Gegen diesen Bescheid richtet sich die vorliegende Beschwerde.

Die belangte Behörde legte die Akten des Verwaltungsverfahrens vor und erstattete eine Gegenschrift mit dem Antrag, die Beschwerde kostenpflichtig abzuweisen.

Der Verwaltungsgerichtshof hat erwogen:

Der Beschwerdeführer macht als Beschwerdepunkt geltend:

"Da mich der genannte Bescheid der belangten Behörde in dem gesetzlich gewährleisteten Recht auf Zulassung der Wiedereinsetzung in den vorigen Stand gemäß § 71 Abs. 1 AVG verletzt, erhebe ich ..."

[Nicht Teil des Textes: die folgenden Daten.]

(* For each $\Lambda\in\{\mathsf{CS4},\mathsf{GS4},\mathsf{S4I}\}$ and every formula $\varphi$: $\Lambda\vdash\varphi$ if and only if $\mathcal M\models\varphi$ for every $\Lambda$-model $\mathcal M$.
   Context: Fix a countably infinite set $\mathbb P$ of propositional variables. Formulas: $\varphi,\psi ::= p\mid\bot\mid(\varphi\wedge\psi)\mid(\varphi\vee\psi)\mid(\varphi\to\psi)\mid\Diamond\varphi\mid\Box\varphi$; $\neg\varphi:=\varphi\to\bot$. A bi-intuitionistic frame is $(W,W_\bot,\preccurlyeq,\sqsubseteq)$ with $\preccurlyeq,\sqsubseteq$ preorders on $W$ and $W_\bot\subseteq W$ upward closed under both; infallible if $W_\bot=\varnothing$. A valuation $V:\mathbb P\to 2^W$ has each $V(p)$ upward closed under $\preccurlyeq$ and containing $W_\bot$; a model is $\mathcal M=(W,W_\bot,\preccurlyeq,\sqsubseteq,V)$. Satisfaction: $p$ iff $w\in V(p)$; $\bot$ iff $w\in W_\bot$; $\wedge,\vee$ pointwise; $w\models\varphi\to\psi$ iff for all $v\succcurlyeq w$, $v\models\varphi$ implies $v\models\psi$; $w\models\Diamond\varphi$ iff for all $u\succcurlyeq w$ there is $v\sqsupseteq u$ with $v\models\varphi$; $w\models\Box\varphi$ iff $v\models\varphi$ whenever $w\preccurlyeq u\sqsubseteq v$. $\mathcal M\models\varphi$ iff $\varphi$ holds at every $w\in W\setminus W_\bot$. $\sqsubseteq$ is forward confluent if $w\preccurlyeq w'$, $w\sqsubseteq v$ imply some $v'$ with $v\preccurlyeq v'$, $w'\sqsubseteq v'$; backward confluent if $w\sqsubseteq v\preccurlyeq v'$ implies some $w'$ with $w\preccurlyeq w'\sqsubseteq v'$; downward confluent if $w\preccurlyeq v\sqsubseteq v'$ implies some $w'$ with $w\sqsubseteq w'\preccurlyeq v'$. Locally linear: $w\preccurlyeq u$, $w\preccurlyeq v$ imply $u\preccurlyeq v$ or $v\preccurlyeq u$. $\mathsf{CS4}$-frames: backward confluent bi-intuitionistic frames. $\mathsf{GS4}$-frames: infallible, locally linear, forward and backward confluent. $\mathsf{S4I}$-frames: infallible, forward and downward confluent. A $\Lambda$-model is a model on a $\Lambda$-frame. $\mathsf{CS4}$ is the least set of formulas containing all intuitionistic propositional tautologies and all instances of $\Box(\varphi\to\psi)\to(\Box\varphi\to\Box\psi)$, $\Box(\varphi\to\psi)\to(\Diamond\varphi\to\Diamond\psi)$, $\Box\varphi\to\varphi$, $\varphi\to\Diamond\varphi$, $\Box\varphi\to\Box\Box\varphi$, $\Diamond\Diamond\varphi\to\Diamond\varphi$, closed under modus ponens and necessitation. Axioms: (FS) $(\Diamond\varphi\to\Box\psi)\to\Box(\varphi\to\psi)$; (DP) $\Diamond(\varphi\vee\psi)\to\Diamond\varphi\vee\Diamond\psi$; (N) $\neg\Diamond\bot$; (CD) $\Box(\varphi\vee\psi)\to\Box\varphi\vee\Diamond\psi$; (GD) $(\varphi\to\psi)\vee(\psi\to\varphi)$. $\mathsf{GS4}=\mathsf{CS4}+\mathrm{FS}+\mathrm{DP}+\mathrm N+\mathrm{GD}$ and $\mathsf{S4I}=\mathsf{CS4}+\mathrm{DP}+\mathrm N+\mathrm{CD}$ (adding all instances, closed under the same rules). *)

Inductive form : Type :=
| Var : nat -> form
| Bot : form
| And : form -> form -> form
| Or  : form -> form -> form
| Imp : form -> form -> form
| Dia : form -> form
| Box : form -> form.

Definition Neg (p : form) : form := Imp p Bot.

Record frame : Type := {
  W     : Type;
  Wbot  : W -> Prop;
  le    : W -> W -> Prop;
  sq    : W -> W -> Prop;
  le_refl  : forall w, le w w;
  le_trans : forall u v w, le u v -> le v w -> le u w;
  sq_refl  : forall w, sq w w;
  sq_trans : forall u v w, sq u v -> sq v w -> sq u w;
  Wbot_up_le : forall w v, Wbot w -> le w v -> Wbot v;
  Wbot_up_sq : forall w v, Wbot w -> sq w v -> Wbot v
}.

Record model : Type := {
  mframe :> frame;
  val : nat -> W mframe -> Prop;
  val_up  : forall p w v, val p w -> le mframe w v -> val p v;
  val_bot : forall p w, Wbot mframe w -> val p w
}.

Fixpoint sat (M : model) (w : W M) (f : form) : Prop :=
  match f with
  | Var p => val M p w
  | Bot => Wbot M w
  | And a b => sat M w a /\ sat M w b
  | Or a b => sat M w a \/ sat M w b
  | Imp a b => forall v, le M w v -> sat M v a -> sat M v b
  | Dia a => forall u, le M w u -> exists v, sq M u v /\ sat M v a
  | Box a => forall u v, le M w u -> sq M u v -> sat M v a
  end.

Definition valid (M : model) (f : form) : Prop :=
  forall w : W M, ~ Wbot M w -> sat M w f.

Definition infallible (F : frame) : Prop := forall w, ~ Wbot F w.

Definition forward_confluent (F : frame) : Prop :=
  forall w w' v, le F w w' -> sq F w v -> exists v', le F v v' /\ sq F w' v'.

Definition backward_confluent (F : frame) : Prop :=
  forall w v v', sq F w v -> le F v v' -> exists w', le F w w' /\ sq F w' v'.

Definition downward_confluent (F : frame) : Prop :=
  forall w v v', le F w v -> sq F v v' -> exists w', sq F w w' /\ le F w' v'.

Definition locally_linear (F : frame) : Prop :=
  forall w u v, le F w u -> le F w v -> le F u v \/ le F v u.

Definition CS4_frame (F : frame) : Prop := backward_confluent F.

Definition GS4_frame (F : frame) : Prop :=
  infallible F /\ locally_linear F /\ forward_confluent F /\ backward_confluent F.

Definition S4I_frame (F : frame) : Prop :=
  infallible F /\ forward_confluent F /\ downward_confluent F.

(* "All intuitionistic propositional tautologies" (substitution instances in
   the modal language) are generated by the standard Hilbert axioms of IPC
   together with modus ponens. [Ax] is the set of extra axiom instances. *)
Inductive prv (Ax : form -> Prop) : form -> Prop :=
| ax_K  : forall a b, prv Ax (Imp a (Imp b a))
| ax_S  : forall a b c,
    prv Ax (Imp (Imp a (Imp b c)) (Imp (Imp a b) (Imp a c)))
| ax_andI : forall a b, prv Ax (Imp a (Imp b (And a b)))
| ax_andE1 : forall a b, prv Ax (Imp (And a b) a)
| ax_andE2 : forall a b, prv Ax (Imp (And a b) b)
| ax_orI1 : forall a b, prv Ax (Imp a (Or a b))
| ax_orI2 : forall a b, prv Ax (Imp b (Or a b))
| ax_orE : forall a b c,
    prv Ax (Imp (Imp a c) (Imp (Imp b c) (Imp (Or a b) c)))
| ax_efq : forall a, prv Ax (Imp Bot a)
| ax_Kbox : forall a b, prv Ax (Imp (Box (Imp a b)) (Imp (Box a) (Box b)))
| ax_Kdia : forall a b, prv Ax (Imp (Box (Imp a b)) (Imp (Dia a) (Dia b)))
| ax_Tbox : forall a, prv Ax (Imp (Box a) a)
| ax_Tdia : forall a, prv Ax (Imp a (Dia a))
| ax_4box : forall a, prv Ax (Imp (Box a) (Box (Box a)))
| ax_4dia : forall a, prv Ax (Imp (Dia (Dia a)) (Dia a))
| ax_extra : forall a, Ax a -> prv Ax a
| r_mp  : forall a b, prv Ax (Imp a b) -> prv Ax a -> prv Ax b
| r_nec : forall a, prv Ax a -> prv Ax (Box a).

Definition FS_inst (f : form) : Prop :=
  exists a b, f = Imp (Imp (Dia a) (Box b)) (Box (Imp a b)).
Definition DP_inst (f : form) : Prop :=
  exists a b, f = Imp (Dia (Or a b)) (Or (Dia a) (Dia b)).
Definition N_inst (f : form) : Prop := f = Neg (Dia Bot).
Definition CD_inst (f : form) : Prop :=
  exists a b, f = Imp (Box (Or a b)) (Or (Box a) (Dia b)).
Definition GD_inst (f : form) : Prop :=
  exists a b, f = Or (Imp a b) (Imp b a).

Inductive logic : Type := CS4 | GS4 | S4I.

Definition extra_axioms (L : logic) : form -> Prop :=
  match L with
  | CS4 => fun _ => False
  | GS4 => fun f => FS_inst f \/ DP_inst f \/ N_inst f \/ GD_inst f
  | S4I => fun f => DP_inst f \/ N_inst f \/ CD_inst f
  end.

Definition proves (L : logic) (f : form) : Prop := prv (extra_axioms L) f.

Definition frame_class (L : logic) : frame -> Prop :=
  match L with
  | CS4 => CS4_frame
  | GS4 => GS4_frame
  | S4I => S4I_frame
  end.

(* Soundness is a routine induction on derivations: every world satisfies
   each axiom instance, the only frame-sensitive cases being the 4-axiom for
   boxes (which needs backward or downward confluence) and the extra axioms
   FS, DP, N, GD, CD (each matched by its frame condition).

   Completeness goes through canonical models whose worlds are (built from)
   prime theories.  After the basic derivation calculus and a Lindenbaum
   lemma (a theory avoiding a set of formulas closed under disjunction
   extends to a prime theory avoiding it), a generic truth lemma reduces
   "satisfaction = membership" in any such model to the two modal clauses.
   For CS4 the worlds are prime theories, possibly containing bottom, paired
   with a set of formulas whose diamonds are forbidden; the resulting frame
   is backward confluent.  For GS4 and S4I the worlds are consistent prime
   theories, with  w ⊑ v  iff the boxes of w hold in v and the formulas of v
   have their diamonds in w; DP and N yield diamond witnesses and forward
   confluence, FS yields the box clause and backward confluence, GD local
   linearity, and CD the box clause and downward confluence. *)

From Stdlib Require Import Classical Setoid Lia Cantor.

Definition Top : form := Imp Bot Bot.

Section Soundness.
Variable M : model.

Lemma sat_persistent f : forall w v, sat M w f -> le M w v -> sat M v f.
Proof.
  induction f; simpl; intros w v H Hv.
  - eapply val_up; eauto.
  - eapply Wbot_up_le; eauto.
  - destruct H; split; eauto.
  - destruct H; [left | right]; eauto.
  - intros v' Hv'; apply H; eapply le_trans; eauto.
  - intros u Hu; apply H; eapply le_trans; eauto.
  - intros u z Hu Hz; apply (H u z); auto; eapply le_trans; eauto.
Qed.

Local Ltac persist := eapply sat_persistent; eassumption.

Lemma sat_fallible f : forall w, Wbot M w -> sat M w f.
Proof.
  induction f; simpl; intros w H.
  - apply val_bot; auto.
  - auto.
  - split; auto.
  - left; auto.
  - intros v Hv _; apply IHf2; eapply Wbot_up_le; eauto.
  - intros u Hu; exists u; split; [apply sq_refl | apply IHf; eapply Wbot_up_le; eauto].
  - intros u v Hu Hv; apply IHf; eapply Wbot_up_sq; [eapply Wbot_up_le; eauto | eauto].
Qed.

Lemma box4_sound_backward a w : backward_confluent M -> sat M w (Imp (Box a) (Box (Box a))).
Proof.
  intros BC; simpl; intros v _ H u z Hu Hz u' z' Hu' Hz'.
  destruct (BC _ _ _ Hz Hu') as [w' [H1 H2]].
  apply (H w' z'); [eapply le_trans; eauto | eapply sq_trans; eauto].
Qed.
Lemma sum_bailey_chainE m M : \sum_(k < M) bailey_chain m k =
  \sum_(r < M) q ^+ (m * (r * r + 2 * r)) * alpha r * q ^+ (r * r) *
    durfee_partial (2 * r + 2) (M - r).
Proof.
under eq_bigr => k _ do rewrite bailey_chainE mulr_sumr.
rewrite (sum_triangle_exchange _ (fun k r => q ^+ (k * k) * (q ^+ (2 * (k - r)) *
  (q ^+ (m * (r * r + 2 * r)) * alpha r) / qpoch (k - r) / qpoch (k + r + 2)))).
apply: eq_bigr => r _; rewrite /durfee_partial mulr_sumr; apply: eq_bigr => j _.
rewrite (_ : r + j - r = j)%N; last by lia.
rewrite (_ : r + j + r + 2 = 2 * r + 2 + j)%N; last by lia.
rewrite (_ : (r + j) * (r + j) = r * r + (j * j + 2 * r * j))%N; last by nia.
rewrite (_ : (2 * r + 2) * j = 2 * r * j + 2 * j)%N; last by nia.
by rewrite !exprD; ring.
Qed.

Lemma durfee_partial_tail N r t : (N.+1 - r <= t)%N ->
  fps_eqn N (q ^+ (r * r) * durfee_partial (2 * r + 2) t)
            (q ^+ (r * r) * durfee_partial (2 * r + 2) (N.+1 - r)).
Proof.
move=> rt; rewrite /durfee_partial !mulr_sumr.
apply: (fps_eqn_sum_tail (F := fun j => q ^+ (r * r) *
  (q ^+ (j * j + (2 * r + 2) * j) / qpoch j / qpoch (2 * r + 2 + j)))) => // j rj /=.
by rewrite -!mulrA mulrA -exprD; apply: fps_eqn_qXnM; nia.
Qed.

Lemma lhs_termE m i : lhs_term m.+1 i = q ^+ (m * (i * i + 2 * i)) * alpha i * q ^+ (i * i).
Proof.
have q1 : qpoch 1 = 1 - q ^+ 1 by rewrite qpochS qpoch0 mul1r.
rewrite /lhs_term !fps_mulE fps_addE !fps_subE fps1E fps_expE !fpsXE -q1.
rewrite fps_invE ?qpoch_unit // /alpha mulnn.
rewrite (_ : m.+1 * (i ^ 2 + 2 * i) - 2 * i = m * (i ^ 2 + 2 * i) + i ^ 2)%N; last first.
  by rewrite mulSn; lia.
by rewrite exprD; ring.
Qed.

Lemma qpoch_mul_sum_bailey_chain m N :
  fps_eqn N (qpoch N * \sum_(k < N.+1) bailey_chain m k) (\sum_(i < N.+1) lhs_term m.+1 i).
Proof.
rewrite sum_bailey_chainE mulr_sumr; apply: fps_eqn_sum => r _; rewrite lhs_termE.
have key : fps_eqn N (qpoch N * (q ^+ (r * r) * durfee_partial (2 * r + 2) (N.+1 - r)))
    (q ^+ (r * r) * 1).
  apply: fps_eqn_trans (fps_eqnMl _ (fps_eqn_sym (durfee_partial_tail (leq_subr r N.+1)))) _.
  by rewrite mulrCA; apply: fps_eqnMl; exact: qpoch_mul_durfee_partial.
have := fps_eqnMl (q ^+ (m * (r * r + 2 * r)) * alpha r) key.
by rewrite mulr1 mulrCA !mulrA; apply.
Qed.

Definition fps_stable (s : nat -> fps) :=
  forall n M, (n < M)%N -> fps_eqn n (s M) (s n.+1).

Lemma fps_lim_stable s : fps_stable s -> fps_lim s (fun n => s n.+1 n).
Proof. by move=> st n; exists n.+1 => M nM; apply: st. Qed.

Lemma fps_eqn_stable_lim s N : fps_stable s -> fps_eqn N (fun n => s n.+1 n) (s N.+1).
Proof. by move=> st i iN; rewrite /= (st i N.+1). Qed.

Lemma qpoch_stable : fps_stable qpoch.
Proof. by move=> n M /ltnW nM; apply: fps_eqn_trans (qpoch_eqn nM) (fps_eqn_sym (qpoch_eqn _)). Qed.

Lemma lhs_partialE m M : lhs_partial m M = \sum_(i < M) lhs_term m i.
Proof. by apply: functional_extensionality_dep => n; rewrite coef_fps_sum. Qed.

Lemma lhs_partial_stable m : fps_stable (lhs_partial m.+1).
Proof.
move=> n M nM; rewrite !lhs_partialE; apply: fps_eqn_sum_tail => // j nj.
by rewrite lhs_termE mulrC; apply: fps_eqn_qXnM; nia.
Qed.

Lemma rhs_partial_stable m : fps_stable (rhs_partial m.+1).
Proof.
move=> n M nM; rewrite !rhs_partialE; apply: fps_eqn_sum_tail => // k nk.
by rewrite bailey_chainE; apply: fps_eqn_qXnM; nia.
Qed.

Theorem theorem4p3 (m : nat) (hm : (0 < m)%N) :
  exists L R P : fps,
    fps_lim (lhs_partial m) L /\ fps_lim (rhs_partial m) R /\ fps_lim qpoch P /\
    L = fps_mul P R.
Proof.
case: m hm => // m _.
have stL := lhs_partial_stable m; have stR := rhs_partial_stable m.
do 3!eexists; split; [exact: fps_lim_stable stL|split; [exact: fps_lim_stable stR|split]].
  exact: fps_lim_stable qpoch_stable.
apply: functional_extensionality_dep => N; rewrite fps_mulE.
rewrite (fps_eqnM (fps_eqn_stable_lim (N := N) qpoch_stable) (fps_eqn_stable_lim (N := N) stR)) //=.
rewrite lhs_partialE rhs_partialE (fps_eqnM (qpoch_eqn (leqnSn N)) (@fps_eqn_refl N _)) //.
by rewrite (@qpoch_mul_sum_bailey_chain m N N).
Qed.
Lemma energy_density_window c (L : nat) :
  energy_density p U c L = window_sum (site_energy c) 1 L / L%:R.
Proof.
rewrite /energy_density /window_sum; congr (_ / _).
rewrite -{1}[1%N]add0n big_addn subn1; apply: eq_bigr => t _.
by rewrite addn1 -[t.+1]add1n PoszD.
Qed.

Lemma occupied_window c (L : nat) :
  (occupied_per_period c L)%:R = window_sum (occupation c) 1 L.
Proof.
rewrite /occupied_per_period natr_sum /window_sum.
rewrite -{1}[1%N]add0n big_addn subn1; apply: eq_bigr => t _.
by rewrite addn1 -[t.+1]add1n PoszD.
Qed.

Lemma occupation_periodic c (P : nat) : has_period c P -> has_period (occupation c) P.
Proof. by move=> cP x; rewrite /occupation cP. Qed.

Lemma site_energy_periodic c (P : nat) : has_period c P -> has_period (site_energy c) P.
Proof. by move=> cP x; apply: eq_bigr => k _; rewrite cP addrAC cP. Qed.

Lemma site_energy_eq0 c x : ~~ c x -> site_energy c x = 0.
Proof.
by move/negbTE=> cx; rewrite /site_energy big1 // => k _; rewrite cx mulr0 mul0r.
Qed.

Lemma removal_cost_eq0 c x : ~~ c x -> removal_cost c x = 0.
Proof.
move=> cx; rewrite /removal_cost site_energy_eq0 // add0r /incoming_energy big1 // => k _.
by rewrite (negbTE cx) mulr0.
Qed.

Lemma site_energy_ge0 c x : 0 <= site_energy c x.
Proof.
rewrite /site_energy big_nat_cond; apply: sumr_ge0 => k /andP[k_bd _].
by rewrite !mulr_ge0 // ltW // U_gt0 //; lia.
Qed.

Lemma site_energy_gt0 c x (k : nat) :
  (1 <= k <= p)%N -> c x -> c (x + k%:Z) -> 0 < site_energy c x.
Proof.
move=> k_bd cx cxk; rewrite /site_energy (bigD1_seq k) ?iota_uniq //=; last first.
  by rewrite mem_index_iota; lia.
rewrite cx cxk !mulr1 ltr_wpDr ?U_gt0 //.
rewrite big_seq_cond; apply: sumr_ge0 => i /andP[/[!mem_index_iota] i_bd _].
by rewrite !mulr_ge0 // ltW // U_gt0 //; lia.
Qed.

Lemma window_incoming_energy c (P : nat) a : has_period c P ->
  window_sum (incoming_energy c) a P = window_sum (site_energy c) a P.
Proof.
move=> cP; rewrite !window_sum_exchange; apply: eq_bigr => k _.
rewrite (window_sum_shift a (a + k%:Z)); last by move=> x; rewrite cP addrAC cP.
by rewrite -window_sum_translate; apply: window_sum_eq => x; rewrite addrK.
Qed.

Lemma sparse_window_le1 c x :
  (forall y (k : nat), (1 <= k <= p)%N -> c y -> ~~ c (y + k%:Z)) ->
  window_sum (occupation c) x p.+1 <= 1.
Proof.
move=> sparse; rewrite /window_sum /occupation -natr_sum lern1.
suff : forall q, (q <= p.+1)%N -> (\sum_(0 <= t < q) c (x + t%:Z)%R <= 1)%N by apply.
elim=> [|q IH] qp; first by rewrite big_geq.
rewrite big_nat_recr //=; case cq: (c (x + q%:Z)); last by rewrite addn0 IH // ltnW.
rewrite big1_seq //= => t /[!mem_index_iota] /andP[_ tq]; apply/eqP; rewrite eqb0.
apply/negP => ct; have qt : (1 <= q - t <= p)%N by lia.
by have := sparse _ _ qt ct; rewrite -addrA -PoszD subnKC ?cq // ltnW.
Qed.

Lemma window_energy_gt0 c (P N : nat) a : has_period c P -> (0 < P)%N ->
  window_sum (occupation c) a P = N%:R -> (P < p.+1 * N)%N ->
  0 < window_sum (site_energy c) a P.
Proof.
move=> cP P_gt0 cN dense.
case: (classic (exists y (k : nat), [/\ (1 <= k <= p)%N, c y & c (y + k%:Z)])).
  case=> y [k [k_bd cy cyk]].
  rewrite (window_sum_shift a y (site_energy_periodic cP)).
  apply: lt_le_trans (site_energy_gt0 k_bd cy cyk) _.
  case: P P_gt0 {cP cN dense} => // P _.
  rewrite /window_sum big_nat_recl // addr0 lerDl.
  by apply: sumr_ge0 => t _; exact: site_energy_ge0.
move=> no_close_pair; exfalso.
have sparse y (k : nat) : (1 <= k <= p)%N -> c y -> ~~ c (y + k%:Z).
  by move=> k_bd cy; apply/negP => cyk; apply: no_close_pair; exists y, k.
have total : window_sum (fun x => window_sum (occupation c) x p.+1) a P = (p.+1 * N)%:R.
  rewrite [LHS]exchange_big (eq_bigr (fun _ => N%:R)) /=.
    by rewrite sumr_const_nat subn0 natrM mulr_natl.
  move=> k _; rewrite -cN; transitivity (window_sum (occupation c) (a + k%:Z) P).
    exact: window_sum_translate.
  exact/window_sum_shift/occupation_periodic.
have : window_sum (fun x => window_sum (occupation c) x p.+1) a P <= window_sum (fun=> 1) a P.
  by apply: ler_sum => t _; exact: sparse_window_le1.
by rewrite total /window_sum sumr_const_nat subn0 -[_ *+ _]mulr_natr mul1r ler_nat; lia.
Qed.

Lemma exists_costly_site c (P N : nat) a : has_period c P ->
  window_sum (occupation c) a P = N%:R -> (0 < N)%N ->
  0 < window_sum (site_energy c) a P ->
  exists2 x0, c x0 & window_sum (site_energy c) a P < N%:R * removal_cost c x0.
Proof.
move=> cP cN N_gt0 E_gt0; set E := window_sum _ a P.
apply: NNPP => none.
have bound x : N%:R * removal_cost c x <= occupation c x * E.
  rewrite /occupation; case cx: (c x); last by rewrite removal_cost_eq0 ?cx // mulr0 mul0r.
  by rewrite mul1r leNgt; apply/negP => lt; apply: none; exists x.
have : window_sum (fun x => N%:R * removal_cost c x) a P <=
       window_sum (fun x => occupation c x * E) a P.
  by apply: ler_sum => t _; exact: bound.
rewrite window_sumMl window_sumMr cN /removal_cost window_sumD.
rewrite window_incoming_energy // -/E.
have : 0 < N%:R * E by rewrite mulr_gt0 ?ltr0n.
by nra.
Qed.

Lemma remove_orbit_occupation c (P : nat) x0 : (0 < P)%N -> c x0 ->
  window_sum (occupation (remove_orbit c P x0)) x0 P =
  window_sum (occupation c) x0 P - 1.
Proof.
move=> P_gt0 cx0; pose o x : R := (on_orbit P x0 x)%:R.
have occ x : occupation (remove_orbit c P x0) x = occupation c x - occupation c x * o x.
  by rewrite /occupation /remove_orbit /o; case: (c x); case: (on_orbit P x0 x) => /=; ring.
by rewrite (window_sum_eq _ _ occ) window_sumB window_sum_orbit // /occupation cx0.
Qed.

Lemma remove_orbit_energy c (P : nat) x0 : has_period c P -> (p < P)%N ->
  window_sum (site_energy (remove_orbit c P x0)) x0 P =
  window_sum (site_energy c) x0 P - removal_cost c x0.
Proof.
move=> cP pP; pose o x : R := (on_orbit P x0 x)%:R.
pose bond k x := U k * (c x)%:R * (c (x + k%:Z))%:R.
have site x : site_energy (remove_orbit c P x0) x =
    site_energy c x - site_energy c x * o x - \sum_(1 <= k < p.+1) bond k x * o (x + k%:Z).
  rewrite /site_energy mulr_suml -!sumrB big_nat_cond [RHS]big_nat_cond.
  apply: eq_bigr => k /andP[k_bd _].
  (* copies of x0 are more than p apart, so no bond joins two of them *)
  have := @on_orbit_apart P k x0 x.
  rewrite /remove_orbit /bond /o; case: (on_orbit P x0 x); case: (on_orbit P x0 _);
    rewrite ?andbT ?andbF /= => apart; try ring.
  by suff : false by []; apply: apart; lia.
have incoming k : window_sum (fun x => bond k x * o (x + k%:Z)) x0 P =
    U k * (c (x0 - k%:Z))%:R * (c x0)%:R.
  rewrite (window_sum_shift x0 (x0 - k%:Z)); last first.
    by move=> x; rewrite /bond /o cP addrAC cP on_orbit_periodic.
  have -> : window_sum (fun x => bond k x * o (x + k%:Z)) (x0 - k%:Z) P =
      window_sum (fun y => U k * (c (y - k%:Z))%:R * (c y)%:R * o y) (x0 - k%:Z + k%:Z) P.
    by rewrite -[RHS]window_sum_translate; apply: eq_bigr => t _; rewrite addrK.
  by rewrite subrK window_sum_orbit //; lia.
rewrite (window_sum_eq _ _ site) !window_sumB window_sum_orbit; last by lia.
rewrite (window_sum_exchange (fun x k => bond k x * o (x + k%:Z))).
rewrite (eq_bigr _ (fun k _ => incoming k)).
by rewrite /removal_cost opprD addrA.
Qed.

Lemma exists_cheaper_config (m : nat) c (L1 N : nat) a :
  (0 < m)%N -> (p < L1)%N -> has_period c L1 ->
  window_sum (occupation c) a L1 = N%:R -> (N * m = L1.+1)%N ->
  0 < window_sum (site_energy c) a L1 ->
  exists c2 P, [/\ periodic c2 P, has_density_inv c2 P m &
    energy_density p U c2 P < window_sum (site_energy c) a L1 / L1.+1%:R].
Proof.
move=> m_gt0 pL1 cL1 cN NmL1 E_gt0; set E := window_sum _ a L1 in E_gt0 *.
have N_gt0 : (0 < N)%N by case: N NmL1 cN.
have [x0 cx0 costly] := exists_costly_site cL1 cN N_gt0 E_gt0.
set P := (m * L1)%N; have cP : has_period c P := has_period_mul m cL1.
have c2P := remove_orbit_periodic x0 cP.
have NmR : L1.+1%:R = N%:R * m%:R :> R by rewrite -natrM NmL1.
have L1E : L1%:R = N%:R * m%:R - 1 :> R by rewrite -NmR -addn1 natrD addrK.
exists (remove_orbit c P x0), P; split.
- by split; [nia | exact: c2P].
- apply/eqP; rewrite -(eqr_nat R) natrM occupied_window.
  rewrite (window_sum_shift 1 x0 (occupation_periodic c2P)).
  rewrite remove_orbit_occupation //; last by nia.
  rewrite (window_sum_shift x0 a (occupation_periodic cP)) window_sum_periods; last first.
    exact: occupation_periodic.
  by rewrite cN /P natrM L1E; apply/eqP; ring.
rewrite energy_density_window (window_sum_shift 1 x0 (site_energy_periodic c2P)).
rewrite remove_orbit_energy //; last by nia.
rewrite (window_sum_shift x0 a (site_energy_periodic cP)) window_sum_periods -/E; last first.
  exact: site_energy_periodic.
have L1_gt0 : (0 : R) < L1%:R by rewrite ltr0n; lia.
have m_gt0' : (0 : R) < m%:R by rewrite ltr0n.
rewrite /P natrM ltr_pdivrMr ?mulr_gt0 // mulrAC ltr_pdivlMr ?ltr0n // NmR.
have gap : 0 < N%:R * removal_cost c x0 - E by rewrite subr_gt0.
rewrite L1E; have := mulr_gt0 m_gt0' gap.
by nra.
Qed.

Er bringt hiezu unter dem Gesichtspunkt einer Rechtswidrigkeit des Inhaltes des angefochtenen Bescheides bzw. dessen Rechtswidrigkeit infolge Verletzung von Verfahrensvorschriften im wesentlichen vor, die Behörde gehe nur aufgrund der Aussage des Postzustellers von der Richtigkeit des Zustellvorganges aus, obwohl er immer wieder behauptet habe, keine Hinterlegungsanzeige vorgefunden zu haben und auch vom Briefträger dahingehend nicht informiert worden zu sein. Es sei ihm aber "naturgemäß nicht möglich, derartige Beweise zu erbringen". Das Nichtvorfinden der Hinterlegungsanzeige stelle für ihn ein unvorhersehbares und unabwendbares Ereignis dar. Darüber hinaus habe es die belangte Behörde unterlassen, den Zeugen Mag. R. oder ihn selbst zu befragen, ob diesen Gründe bezüglich des Nichtvorfindens der Hinterlegungsanzeige bekannt seien.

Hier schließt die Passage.